Source material

+ + +

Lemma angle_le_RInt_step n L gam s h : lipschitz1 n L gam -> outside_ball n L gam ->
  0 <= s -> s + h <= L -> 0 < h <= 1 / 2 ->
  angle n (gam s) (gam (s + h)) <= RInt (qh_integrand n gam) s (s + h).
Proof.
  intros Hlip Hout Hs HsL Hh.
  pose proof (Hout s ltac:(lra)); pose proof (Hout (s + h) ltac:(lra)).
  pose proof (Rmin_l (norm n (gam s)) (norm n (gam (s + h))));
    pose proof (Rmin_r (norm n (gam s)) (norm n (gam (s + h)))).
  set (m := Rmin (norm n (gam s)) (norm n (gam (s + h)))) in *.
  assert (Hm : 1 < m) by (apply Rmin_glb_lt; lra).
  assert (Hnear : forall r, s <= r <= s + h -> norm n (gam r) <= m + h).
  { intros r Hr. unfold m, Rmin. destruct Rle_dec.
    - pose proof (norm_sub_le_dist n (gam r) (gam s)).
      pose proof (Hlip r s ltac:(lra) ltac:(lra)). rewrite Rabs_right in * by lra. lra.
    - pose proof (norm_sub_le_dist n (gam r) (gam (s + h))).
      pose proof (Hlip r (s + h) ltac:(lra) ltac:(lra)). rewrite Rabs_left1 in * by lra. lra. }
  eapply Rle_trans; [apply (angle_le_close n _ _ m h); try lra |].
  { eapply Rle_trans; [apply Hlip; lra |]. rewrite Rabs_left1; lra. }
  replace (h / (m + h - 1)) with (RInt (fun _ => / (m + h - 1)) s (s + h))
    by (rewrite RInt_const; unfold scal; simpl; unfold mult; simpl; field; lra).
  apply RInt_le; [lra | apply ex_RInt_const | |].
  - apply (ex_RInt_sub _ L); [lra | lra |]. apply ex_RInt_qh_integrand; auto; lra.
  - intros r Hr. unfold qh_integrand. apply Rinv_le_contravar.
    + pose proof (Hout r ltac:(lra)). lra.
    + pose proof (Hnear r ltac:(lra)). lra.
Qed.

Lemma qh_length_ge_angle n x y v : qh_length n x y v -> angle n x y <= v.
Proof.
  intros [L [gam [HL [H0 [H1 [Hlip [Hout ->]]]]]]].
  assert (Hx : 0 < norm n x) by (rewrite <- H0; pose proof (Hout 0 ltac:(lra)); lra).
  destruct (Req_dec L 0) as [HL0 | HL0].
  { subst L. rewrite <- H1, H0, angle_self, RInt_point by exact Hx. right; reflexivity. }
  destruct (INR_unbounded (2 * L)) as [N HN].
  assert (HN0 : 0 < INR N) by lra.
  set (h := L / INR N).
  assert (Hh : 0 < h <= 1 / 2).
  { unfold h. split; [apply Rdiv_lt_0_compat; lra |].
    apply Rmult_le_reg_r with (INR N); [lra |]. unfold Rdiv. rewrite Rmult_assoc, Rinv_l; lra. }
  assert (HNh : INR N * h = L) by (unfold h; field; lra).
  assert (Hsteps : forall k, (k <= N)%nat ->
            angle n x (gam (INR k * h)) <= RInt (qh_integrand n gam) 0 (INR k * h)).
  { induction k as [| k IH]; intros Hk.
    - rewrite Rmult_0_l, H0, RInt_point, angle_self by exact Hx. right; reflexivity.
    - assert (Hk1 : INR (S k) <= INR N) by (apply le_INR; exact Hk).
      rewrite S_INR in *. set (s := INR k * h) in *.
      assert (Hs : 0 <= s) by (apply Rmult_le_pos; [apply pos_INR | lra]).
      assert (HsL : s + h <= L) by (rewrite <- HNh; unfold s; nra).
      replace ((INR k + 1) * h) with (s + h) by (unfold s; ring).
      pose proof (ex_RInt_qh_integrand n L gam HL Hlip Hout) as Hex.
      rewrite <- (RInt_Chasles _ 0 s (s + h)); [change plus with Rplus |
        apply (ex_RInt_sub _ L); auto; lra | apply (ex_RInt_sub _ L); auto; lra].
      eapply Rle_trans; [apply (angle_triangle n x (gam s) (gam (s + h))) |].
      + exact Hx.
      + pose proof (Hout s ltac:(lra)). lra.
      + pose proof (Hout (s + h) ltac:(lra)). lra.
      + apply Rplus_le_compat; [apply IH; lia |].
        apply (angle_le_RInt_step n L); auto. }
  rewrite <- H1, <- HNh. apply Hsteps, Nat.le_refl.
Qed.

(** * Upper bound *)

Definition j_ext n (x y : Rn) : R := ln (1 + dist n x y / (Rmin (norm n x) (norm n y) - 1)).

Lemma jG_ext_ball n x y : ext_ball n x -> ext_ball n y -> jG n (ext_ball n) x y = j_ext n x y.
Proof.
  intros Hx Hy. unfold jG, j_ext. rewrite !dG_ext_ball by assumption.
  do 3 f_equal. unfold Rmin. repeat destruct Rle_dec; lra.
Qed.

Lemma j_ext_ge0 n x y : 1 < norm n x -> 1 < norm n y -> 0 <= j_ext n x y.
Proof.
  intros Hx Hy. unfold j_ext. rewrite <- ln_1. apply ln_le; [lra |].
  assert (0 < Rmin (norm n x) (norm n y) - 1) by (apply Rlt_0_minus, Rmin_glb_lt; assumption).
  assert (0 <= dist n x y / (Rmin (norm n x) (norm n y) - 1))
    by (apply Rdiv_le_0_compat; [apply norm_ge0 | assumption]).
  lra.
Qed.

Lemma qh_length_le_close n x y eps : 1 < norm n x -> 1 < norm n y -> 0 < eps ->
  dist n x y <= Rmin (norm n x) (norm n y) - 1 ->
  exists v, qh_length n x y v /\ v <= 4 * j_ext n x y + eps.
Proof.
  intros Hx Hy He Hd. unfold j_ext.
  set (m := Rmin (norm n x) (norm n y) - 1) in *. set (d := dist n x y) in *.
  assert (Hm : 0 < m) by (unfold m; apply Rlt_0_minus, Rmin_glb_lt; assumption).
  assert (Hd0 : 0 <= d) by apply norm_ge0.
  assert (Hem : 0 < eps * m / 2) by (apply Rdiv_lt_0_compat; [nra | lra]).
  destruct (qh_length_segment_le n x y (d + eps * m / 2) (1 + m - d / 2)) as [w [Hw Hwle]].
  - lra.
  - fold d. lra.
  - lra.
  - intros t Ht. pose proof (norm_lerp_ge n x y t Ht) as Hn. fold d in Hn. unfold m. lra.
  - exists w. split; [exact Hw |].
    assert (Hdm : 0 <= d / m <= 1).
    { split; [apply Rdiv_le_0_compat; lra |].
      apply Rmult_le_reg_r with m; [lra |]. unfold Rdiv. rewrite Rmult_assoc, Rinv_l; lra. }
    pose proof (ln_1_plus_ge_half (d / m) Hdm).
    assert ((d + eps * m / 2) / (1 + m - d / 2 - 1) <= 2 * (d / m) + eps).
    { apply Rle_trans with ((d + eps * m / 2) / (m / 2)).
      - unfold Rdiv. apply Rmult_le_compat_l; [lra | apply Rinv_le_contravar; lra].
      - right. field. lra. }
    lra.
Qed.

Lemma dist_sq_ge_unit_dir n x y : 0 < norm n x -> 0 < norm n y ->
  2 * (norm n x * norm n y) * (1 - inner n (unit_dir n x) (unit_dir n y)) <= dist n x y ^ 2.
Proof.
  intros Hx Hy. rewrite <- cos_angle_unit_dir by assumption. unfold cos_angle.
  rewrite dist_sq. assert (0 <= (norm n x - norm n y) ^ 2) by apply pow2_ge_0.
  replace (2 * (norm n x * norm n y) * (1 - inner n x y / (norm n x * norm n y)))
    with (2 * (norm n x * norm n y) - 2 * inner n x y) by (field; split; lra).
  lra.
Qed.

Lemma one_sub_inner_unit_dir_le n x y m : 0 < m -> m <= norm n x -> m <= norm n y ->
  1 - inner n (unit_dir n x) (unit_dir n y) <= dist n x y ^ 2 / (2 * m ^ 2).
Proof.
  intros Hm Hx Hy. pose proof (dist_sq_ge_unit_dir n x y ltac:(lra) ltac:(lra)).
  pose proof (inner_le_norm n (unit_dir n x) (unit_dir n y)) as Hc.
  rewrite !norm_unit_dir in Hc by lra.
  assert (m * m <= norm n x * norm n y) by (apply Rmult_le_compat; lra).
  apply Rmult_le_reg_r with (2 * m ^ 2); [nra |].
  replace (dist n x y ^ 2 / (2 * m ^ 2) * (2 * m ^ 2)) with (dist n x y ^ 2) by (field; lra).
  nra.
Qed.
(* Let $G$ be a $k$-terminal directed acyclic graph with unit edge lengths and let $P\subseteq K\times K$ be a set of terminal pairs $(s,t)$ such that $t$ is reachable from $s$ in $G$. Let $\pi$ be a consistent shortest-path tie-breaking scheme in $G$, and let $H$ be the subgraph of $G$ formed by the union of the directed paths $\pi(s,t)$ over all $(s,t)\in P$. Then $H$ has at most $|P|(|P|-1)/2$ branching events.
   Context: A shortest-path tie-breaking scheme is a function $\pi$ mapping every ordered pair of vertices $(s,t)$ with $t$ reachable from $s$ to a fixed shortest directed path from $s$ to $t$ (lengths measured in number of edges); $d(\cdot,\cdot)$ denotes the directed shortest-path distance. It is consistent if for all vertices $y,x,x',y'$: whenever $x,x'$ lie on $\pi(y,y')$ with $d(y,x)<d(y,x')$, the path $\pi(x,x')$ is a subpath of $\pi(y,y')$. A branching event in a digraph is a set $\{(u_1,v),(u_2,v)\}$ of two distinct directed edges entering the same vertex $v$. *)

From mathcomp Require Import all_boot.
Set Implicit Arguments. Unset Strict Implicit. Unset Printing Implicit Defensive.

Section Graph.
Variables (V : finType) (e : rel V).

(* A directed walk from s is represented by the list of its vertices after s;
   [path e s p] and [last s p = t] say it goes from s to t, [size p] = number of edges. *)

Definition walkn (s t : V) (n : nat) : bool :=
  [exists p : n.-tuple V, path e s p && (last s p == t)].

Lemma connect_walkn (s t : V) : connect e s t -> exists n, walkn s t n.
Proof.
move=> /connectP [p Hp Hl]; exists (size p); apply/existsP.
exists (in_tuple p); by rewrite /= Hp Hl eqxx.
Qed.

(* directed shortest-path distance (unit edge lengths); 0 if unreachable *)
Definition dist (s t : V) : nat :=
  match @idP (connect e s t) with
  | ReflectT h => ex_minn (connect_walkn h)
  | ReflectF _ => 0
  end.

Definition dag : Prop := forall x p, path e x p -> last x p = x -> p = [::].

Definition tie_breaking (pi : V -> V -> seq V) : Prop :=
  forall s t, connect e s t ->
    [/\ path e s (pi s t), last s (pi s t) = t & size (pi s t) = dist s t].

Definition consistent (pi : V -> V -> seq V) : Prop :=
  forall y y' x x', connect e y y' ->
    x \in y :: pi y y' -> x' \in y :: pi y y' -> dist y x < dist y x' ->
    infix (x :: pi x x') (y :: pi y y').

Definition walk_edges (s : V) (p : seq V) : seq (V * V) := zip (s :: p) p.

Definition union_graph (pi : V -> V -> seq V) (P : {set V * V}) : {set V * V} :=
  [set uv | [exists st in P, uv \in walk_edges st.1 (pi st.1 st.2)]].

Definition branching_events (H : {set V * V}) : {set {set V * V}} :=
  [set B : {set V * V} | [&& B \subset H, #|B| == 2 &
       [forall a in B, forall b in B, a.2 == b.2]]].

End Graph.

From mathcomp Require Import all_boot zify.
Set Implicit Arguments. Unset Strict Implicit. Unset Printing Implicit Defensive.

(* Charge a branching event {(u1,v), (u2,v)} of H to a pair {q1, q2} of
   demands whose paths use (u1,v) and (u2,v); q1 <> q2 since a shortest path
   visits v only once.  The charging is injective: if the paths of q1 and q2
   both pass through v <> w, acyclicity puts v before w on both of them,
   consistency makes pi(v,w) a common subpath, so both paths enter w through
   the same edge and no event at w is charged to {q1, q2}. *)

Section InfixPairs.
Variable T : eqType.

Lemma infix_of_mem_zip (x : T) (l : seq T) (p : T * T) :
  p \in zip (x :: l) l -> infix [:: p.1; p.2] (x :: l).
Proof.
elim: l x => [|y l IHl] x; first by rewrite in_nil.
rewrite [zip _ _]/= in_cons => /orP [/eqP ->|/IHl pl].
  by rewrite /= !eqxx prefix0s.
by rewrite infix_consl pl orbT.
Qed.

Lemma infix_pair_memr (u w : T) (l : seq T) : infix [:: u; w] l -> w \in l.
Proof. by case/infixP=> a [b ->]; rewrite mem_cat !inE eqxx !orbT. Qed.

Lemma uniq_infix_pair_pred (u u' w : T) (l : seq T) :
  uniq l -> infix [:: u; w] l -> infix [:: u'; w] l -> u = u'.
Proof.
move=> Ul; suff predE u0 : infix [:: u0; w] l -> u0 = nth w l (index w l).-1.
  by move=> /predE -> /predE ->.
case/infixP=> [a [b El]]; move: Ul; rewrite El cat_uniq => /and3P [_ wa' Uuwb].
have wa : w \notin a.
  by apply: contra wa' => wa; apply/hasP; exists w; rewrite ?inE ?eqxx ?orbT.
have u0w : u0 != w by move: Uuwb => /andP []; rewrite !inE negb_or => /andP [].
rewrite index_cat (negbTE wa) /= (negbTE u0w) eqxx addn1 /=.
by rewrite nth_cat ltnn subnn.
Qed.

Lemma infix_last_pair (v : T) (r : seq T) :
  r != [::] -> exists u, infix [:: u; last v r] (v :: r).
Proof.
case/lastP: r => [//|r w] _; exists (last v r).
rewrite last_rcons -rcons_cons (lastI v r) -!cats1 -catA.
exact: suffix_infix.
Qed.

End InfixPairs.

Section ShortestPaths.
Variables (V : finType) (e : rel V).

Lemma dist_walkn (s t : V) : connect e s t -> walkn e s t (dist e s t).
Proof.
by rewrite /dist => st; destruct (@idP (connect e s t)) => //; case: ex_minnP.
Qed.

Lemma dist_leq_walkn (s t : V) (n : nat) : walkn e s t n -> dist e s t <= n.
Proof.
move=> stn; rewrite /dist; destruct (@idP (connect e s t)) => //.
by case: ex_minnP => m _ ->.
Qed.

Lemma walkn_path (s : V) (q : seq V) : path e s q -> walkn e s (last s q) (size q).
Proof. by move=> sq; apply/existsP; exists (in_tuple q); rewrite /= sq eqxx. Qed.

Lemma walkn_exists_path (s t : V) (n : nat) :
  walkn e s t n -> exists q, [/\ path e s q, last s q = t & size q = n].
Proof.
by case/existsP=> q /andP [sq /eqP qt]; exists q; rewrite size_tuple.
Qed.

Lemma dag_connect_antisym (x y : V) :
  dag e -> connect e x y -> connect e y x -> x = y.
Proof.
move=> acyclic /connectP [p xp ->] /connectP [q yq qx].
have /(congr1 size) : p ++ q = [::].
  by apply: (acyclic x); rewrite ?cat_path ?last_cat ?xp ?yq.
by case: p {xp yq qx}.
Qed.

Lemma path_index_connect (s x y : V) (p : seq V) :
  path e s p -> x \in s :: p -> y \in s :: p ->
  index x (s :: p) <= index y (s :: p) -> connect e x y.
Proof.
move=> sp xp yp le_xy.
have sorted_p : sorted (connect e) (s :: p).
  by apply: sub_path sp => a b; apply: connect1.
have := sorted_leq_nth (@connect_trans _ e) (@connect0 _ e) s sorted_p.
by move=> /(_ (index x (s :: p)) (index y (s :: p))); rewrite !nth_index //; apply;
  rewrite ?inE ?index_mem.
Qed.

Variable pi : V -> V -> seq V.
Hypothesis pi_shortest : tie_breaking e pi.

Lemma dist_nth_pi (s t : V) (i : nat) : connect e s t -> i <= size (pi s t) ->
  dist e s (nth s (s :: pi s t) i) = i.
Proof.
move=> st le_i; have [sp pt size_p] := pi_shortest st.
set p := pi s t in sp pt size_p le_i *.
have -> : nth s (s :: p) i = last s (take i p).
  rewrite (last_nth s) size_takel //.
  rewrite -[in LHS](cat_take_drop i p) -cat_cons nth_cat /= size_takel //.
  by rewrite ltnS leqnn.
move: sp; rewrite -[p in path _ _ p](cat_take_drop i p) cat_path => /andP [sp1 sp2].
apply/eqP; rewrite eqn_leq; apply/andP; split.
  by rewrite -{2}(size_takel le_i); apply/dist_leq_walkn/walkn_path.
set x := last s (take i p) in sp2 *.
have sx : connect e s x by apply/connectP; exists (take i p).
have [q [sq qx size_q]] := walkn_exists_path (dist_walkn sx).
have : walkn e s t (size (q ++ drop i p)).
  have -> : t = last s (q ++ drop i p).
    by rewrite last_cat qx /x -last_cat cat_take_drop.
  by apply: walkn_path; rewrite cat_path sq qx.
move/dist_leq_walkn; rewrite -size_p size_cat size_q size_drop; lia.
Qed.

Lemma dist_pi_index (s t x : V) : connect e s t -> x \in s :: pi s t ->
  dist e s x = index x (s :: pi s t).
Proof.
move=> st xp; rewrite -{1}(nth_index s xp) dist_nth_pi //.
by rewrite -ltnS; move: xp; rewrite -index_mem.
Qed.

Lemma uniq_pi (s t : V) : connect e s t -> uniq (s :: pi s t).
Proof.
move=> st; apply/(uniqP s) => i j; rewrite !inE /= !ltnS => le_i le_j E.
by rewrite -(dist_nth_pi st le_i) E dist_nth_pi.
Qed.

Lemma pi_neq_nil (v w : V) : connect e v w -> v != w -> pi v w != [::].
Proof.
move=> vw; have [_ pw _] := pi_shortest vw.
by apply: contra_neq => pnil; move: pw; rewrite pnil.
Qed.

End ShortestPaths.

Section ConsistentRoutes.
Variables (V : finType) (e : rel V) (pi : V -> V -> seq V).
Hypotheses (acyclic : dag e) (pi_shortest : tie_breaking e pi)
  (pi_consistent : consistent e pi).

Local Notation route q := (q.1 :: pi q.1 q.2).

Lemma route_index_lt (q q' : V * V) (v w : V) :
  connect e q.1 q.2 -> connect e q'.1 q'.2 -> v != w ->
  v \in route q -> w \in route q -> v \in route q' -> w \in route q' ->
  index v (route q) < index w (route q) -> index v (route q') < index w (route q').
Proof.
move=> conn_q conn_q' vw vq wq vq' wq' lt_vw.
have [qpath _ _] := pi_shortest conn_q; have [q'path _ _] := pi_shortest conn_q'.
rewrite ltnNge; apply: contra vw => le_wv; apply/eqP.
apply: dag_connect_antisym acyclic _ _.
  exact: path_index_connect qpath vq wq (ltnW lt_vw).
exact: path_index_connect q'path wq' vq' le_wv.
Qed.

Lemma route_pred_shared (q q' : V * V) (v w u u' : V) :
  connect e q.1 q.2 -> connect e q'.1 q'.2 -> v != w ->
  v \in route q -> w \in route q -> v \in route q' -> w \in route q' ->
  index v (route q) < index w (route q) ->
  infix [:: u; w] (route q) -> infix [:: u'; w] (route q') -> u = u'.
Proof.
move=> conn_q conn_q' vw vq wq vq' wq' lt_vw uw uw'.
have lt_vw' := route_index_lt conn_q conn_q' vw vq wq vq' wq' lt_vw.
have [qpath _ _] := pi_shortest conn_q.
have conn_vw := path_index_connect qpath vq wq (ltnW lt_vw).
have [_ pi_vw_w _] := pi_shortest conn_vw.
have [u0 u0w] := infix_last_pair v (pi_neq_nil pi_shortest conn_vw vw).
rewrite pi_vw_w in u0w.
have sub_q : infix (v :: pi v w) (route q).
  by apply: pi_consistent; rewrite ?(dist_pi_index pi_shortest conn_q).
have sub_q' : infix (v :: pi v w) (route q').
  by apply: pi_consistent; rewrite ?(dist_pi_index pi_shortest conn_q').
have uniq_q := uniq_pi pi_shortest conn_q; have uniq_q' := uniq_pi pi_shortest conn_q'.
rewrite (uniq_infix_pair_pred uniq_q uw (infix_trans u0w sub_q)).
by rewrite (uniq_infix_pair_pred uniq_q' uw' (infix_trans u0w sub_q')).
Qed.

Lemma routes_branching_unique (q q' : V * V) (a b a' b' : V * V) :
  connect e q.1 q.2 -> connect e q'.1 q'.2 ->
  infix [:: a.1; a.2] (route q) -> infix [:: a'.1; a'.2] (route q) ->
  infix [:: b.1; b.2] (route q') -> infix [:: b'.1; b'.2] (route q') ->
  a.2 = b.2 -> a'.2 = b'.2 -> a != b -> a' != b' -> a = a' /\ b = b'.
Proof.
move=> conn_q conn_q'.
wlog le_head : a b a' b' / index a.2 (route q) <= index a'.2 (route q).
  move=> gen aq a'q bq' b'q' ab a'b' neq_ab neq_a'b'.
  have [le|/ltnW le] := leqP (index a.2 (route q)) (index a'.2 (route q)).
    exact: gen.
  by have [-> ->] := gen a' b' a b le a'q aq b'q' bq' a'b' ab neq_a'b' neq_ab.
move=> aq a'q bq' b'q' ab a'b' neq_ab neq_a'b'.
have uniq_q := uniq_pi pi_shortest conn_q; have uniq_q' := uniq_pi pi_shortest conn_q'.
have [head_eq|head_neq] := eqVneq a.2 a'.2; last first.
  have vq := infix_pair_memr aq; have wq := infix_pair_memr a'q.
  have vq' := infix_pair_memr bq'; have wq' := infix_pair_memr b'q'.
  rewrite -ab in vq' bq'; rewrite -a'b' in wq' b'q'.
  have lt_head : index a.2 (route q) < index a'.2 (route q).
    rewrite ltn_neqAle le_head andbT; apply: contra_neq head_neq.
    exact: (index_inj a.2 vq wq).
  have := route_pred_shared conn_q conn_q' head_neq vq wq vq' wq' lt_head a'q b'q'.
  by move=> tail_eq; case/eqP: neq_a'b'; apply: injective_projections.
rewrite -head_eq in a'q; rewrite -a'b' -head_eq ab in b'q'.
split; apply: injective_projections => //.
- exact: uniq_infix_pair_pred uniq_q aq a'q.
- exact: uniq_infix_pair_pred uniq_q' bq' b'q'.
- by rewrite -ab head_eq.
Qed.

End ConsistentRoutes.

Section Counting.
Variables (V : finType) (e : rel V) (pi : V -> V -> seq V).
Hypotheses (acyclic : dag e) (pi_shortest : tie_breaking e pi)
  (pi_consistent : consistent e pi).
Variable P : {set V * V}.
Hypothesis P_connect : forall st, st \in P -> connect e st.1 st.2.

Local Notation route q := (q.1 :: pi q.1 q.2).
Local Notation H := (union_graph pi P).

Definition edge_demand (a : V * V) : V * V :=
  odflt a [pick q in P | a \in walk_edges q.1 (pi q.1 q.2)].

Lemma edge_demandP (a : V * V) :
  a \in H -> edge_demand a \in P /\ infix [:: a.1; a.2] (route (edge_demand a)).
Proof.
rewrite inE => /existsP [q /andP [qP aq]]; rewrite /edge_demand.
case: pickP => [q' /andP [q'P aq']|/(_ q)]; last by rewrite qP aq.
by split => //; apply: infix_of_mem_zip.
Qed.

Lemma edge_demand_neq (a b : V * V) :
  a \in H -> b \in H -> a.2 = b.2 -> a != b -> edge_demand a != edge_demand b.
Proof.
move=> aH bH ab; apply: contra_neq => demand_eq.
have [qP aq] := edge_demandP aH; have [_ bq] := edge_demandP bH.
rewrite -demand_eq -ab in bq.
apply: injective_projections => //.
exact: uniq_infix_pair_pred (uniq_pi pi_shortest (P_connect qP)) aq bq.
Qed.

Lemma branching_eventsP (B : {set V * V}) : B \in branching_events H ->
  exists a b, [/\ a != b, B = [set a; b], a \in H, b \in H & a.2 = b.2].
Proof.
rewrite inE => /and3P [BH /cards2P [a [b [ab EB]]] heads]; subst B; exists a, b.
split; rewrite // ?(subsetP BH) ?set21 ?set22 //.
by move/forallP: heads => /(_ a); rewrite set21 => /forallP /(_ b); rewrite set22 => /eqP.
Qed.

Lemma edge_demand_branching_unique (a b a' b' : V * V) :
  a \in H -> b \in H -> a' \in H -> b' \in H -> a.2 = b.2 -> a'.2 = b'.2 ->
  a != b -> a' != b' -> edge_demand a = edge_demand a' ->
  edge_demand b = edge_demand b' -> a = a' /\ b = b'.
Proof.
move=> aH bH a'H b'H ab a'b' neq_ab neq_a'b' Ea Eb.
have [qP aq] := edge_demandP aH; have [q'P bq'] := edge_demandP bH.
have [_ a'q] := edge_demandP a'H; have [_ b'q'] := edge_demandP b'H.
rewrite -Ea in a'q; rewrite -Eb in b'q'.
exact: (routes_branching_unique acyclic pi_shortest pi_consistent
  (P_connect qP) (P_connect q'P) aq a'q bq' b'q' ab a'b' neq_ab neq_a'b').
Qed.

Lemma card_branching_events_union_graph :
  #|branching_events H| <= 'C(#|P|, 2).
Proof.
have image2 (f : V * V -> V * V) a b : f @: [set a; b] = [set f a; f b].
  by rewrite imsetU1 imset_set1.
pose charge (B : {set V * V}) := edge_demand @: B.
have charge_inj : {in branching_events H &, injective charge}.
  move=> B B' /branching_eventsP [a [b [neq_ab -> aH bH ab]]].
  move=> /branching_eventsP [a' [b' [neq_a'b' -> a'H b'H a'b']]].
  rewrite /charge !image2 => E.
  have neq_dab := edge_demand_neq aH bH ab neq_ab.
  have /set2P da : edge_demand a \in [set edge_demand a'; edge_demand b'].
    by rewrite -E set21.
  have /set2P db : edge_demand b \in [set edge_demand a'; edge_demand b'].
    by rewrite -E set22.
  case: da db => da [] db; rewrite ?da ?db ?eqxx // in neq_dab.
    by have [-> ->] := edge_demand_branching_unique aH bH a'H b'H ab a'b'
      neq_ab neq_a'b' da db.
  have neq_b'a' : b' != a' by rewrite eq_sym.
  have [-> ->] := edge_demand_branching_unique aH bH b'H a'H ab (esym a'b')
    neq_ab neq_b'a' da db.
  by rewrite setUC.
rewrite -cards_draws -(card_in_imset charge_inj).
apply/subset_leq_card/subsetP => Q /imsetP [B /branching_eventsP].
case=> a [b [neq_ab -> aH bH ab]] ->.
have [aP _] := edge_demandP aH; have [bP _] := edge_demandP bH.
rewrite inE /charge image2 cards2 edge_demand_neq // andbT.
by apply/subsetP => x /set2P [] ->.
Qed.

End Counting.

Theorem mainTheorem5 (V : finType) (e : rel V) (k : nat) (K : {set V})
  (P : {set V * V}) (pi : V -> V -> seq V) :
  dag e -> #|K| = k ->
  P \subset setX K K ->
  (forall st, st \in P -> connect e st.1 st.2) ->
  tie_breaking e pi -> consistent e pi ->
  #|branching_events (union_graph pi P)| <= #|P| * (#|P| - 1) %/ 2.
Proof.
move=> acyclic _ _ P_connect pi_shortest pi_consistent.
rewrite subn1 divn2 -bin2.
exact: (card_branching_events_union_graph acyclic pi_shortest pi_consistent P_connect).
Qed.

+ + +

Exercise brief
Output the listing verbatim through the "apply Rmult_le_reg_r with (INR" line.

Solution to this problem
Lemma angle_le_RInt_step n L gam s h : lipschitz1 n L gam -> outside_ball n L gam ->
  0 <= s -> s + h <= L -> 0 < h <= 1 / 2 ->
  angle n (gam s) (gam (s + h)) <= RInt (qh_integrand n gam) s (s + h).
Proof.
  intros Hlip Hout Hs HsL Hh.
  pose proof (Hout s ltac:(lra)); pose proof (Hout (s + h) ltac:(lra)).
  pose proof (Rmin_l (norm n (gam s)) (norm n (gam (s + h))));
    pose proof (Rmin_r (norm n (gam s)) (norm n (gam (s + h)))).
  set (m := Rmin (norm n (gam s)) (norm n (gam (s + h)))) in *.
  assert (Hm : 1 < m) by (apply Rmin_glb_lt; lra).
  assert (Hnear : forall r, s <= r <= s + h -> norm n (gam r) <= m + h).
  { intros r Hr. unfold m, Rmin. destruct Rle_dec.
    - pose proof (norm_sub_le_dist n (gam r) (gam s)).
      pose proof (Hlip r s ltac:(lra) ltac:(lra)). rewrite Rabs_right in * by lra. lra.
    - pose proof (norm_sub_le_dist n (gam r) (gam (s + h))).
      pose proof (Hlip r (s + h) ltac:(lra) ltac:(lra)). rewrite Rabs_left1 in * by lra. lra. }
  eapply Rle_trans; [apply (angle_le_close n _ _ m h); try lra |].
  { eapply Rle_trans; [apply Hlip; lra |]. rewrite Rabs_left1; lra. }
  replace (h / (m + h - 1)) with (RInt (fun _ => / (m + h - 1)) s (s + h))
    by (rewrite RInt_const; unfold scal; simpl; unfold mult; simpl; field; lra).
  apply RInt_le; [lra | apply ex_RInt_const | |].
  - apply (ex_RInt_sub _ L); [lra | lra |]. apply ex_RInt_qh_integrand; auto; lra.
  - intros r Hr. unfold qh_integrand. apply Rinv_le_contravar.
    + pose proof (Hout r ltac:(lra)). lra.
    + pose proof (Hnear r ltac:(lra)). lra.
Qed.

Lemma qh_length_ge_angle n x y v : qh_length n x y v -> angle n x y <= v.
Proof.
  intros [L [gam [HL [H0 [H1 [Hlip [Hout ->]]]]]]].
  assert (Hx : 0 < norm n x) by (rewrite <- H0; pose proof (Hout 0 ltac:(lra)); lra).
  destruct (Req_dec L 0) as [HL0 | HL0].
  { subst L. rewrite <- H1, H0, angle_self, RInt_point by exact Hx. right; reflexivity. }
  destruct (INR_unbounded (2 * L)) as [N HN].
  assert (HN0 : 0 < INR N) by lra.
  set (h := L / INR N).
  assert (Hh : 0 < h <= 1 / 2).
  { unfold h. split; [apply Rdiv_lt_0_compat; lra |].
    apply Rmult_le_reg_r with (INR N); [lra |]. unfold Rdiv. rewrite Rmult_assoc, Rinv_l; lra. }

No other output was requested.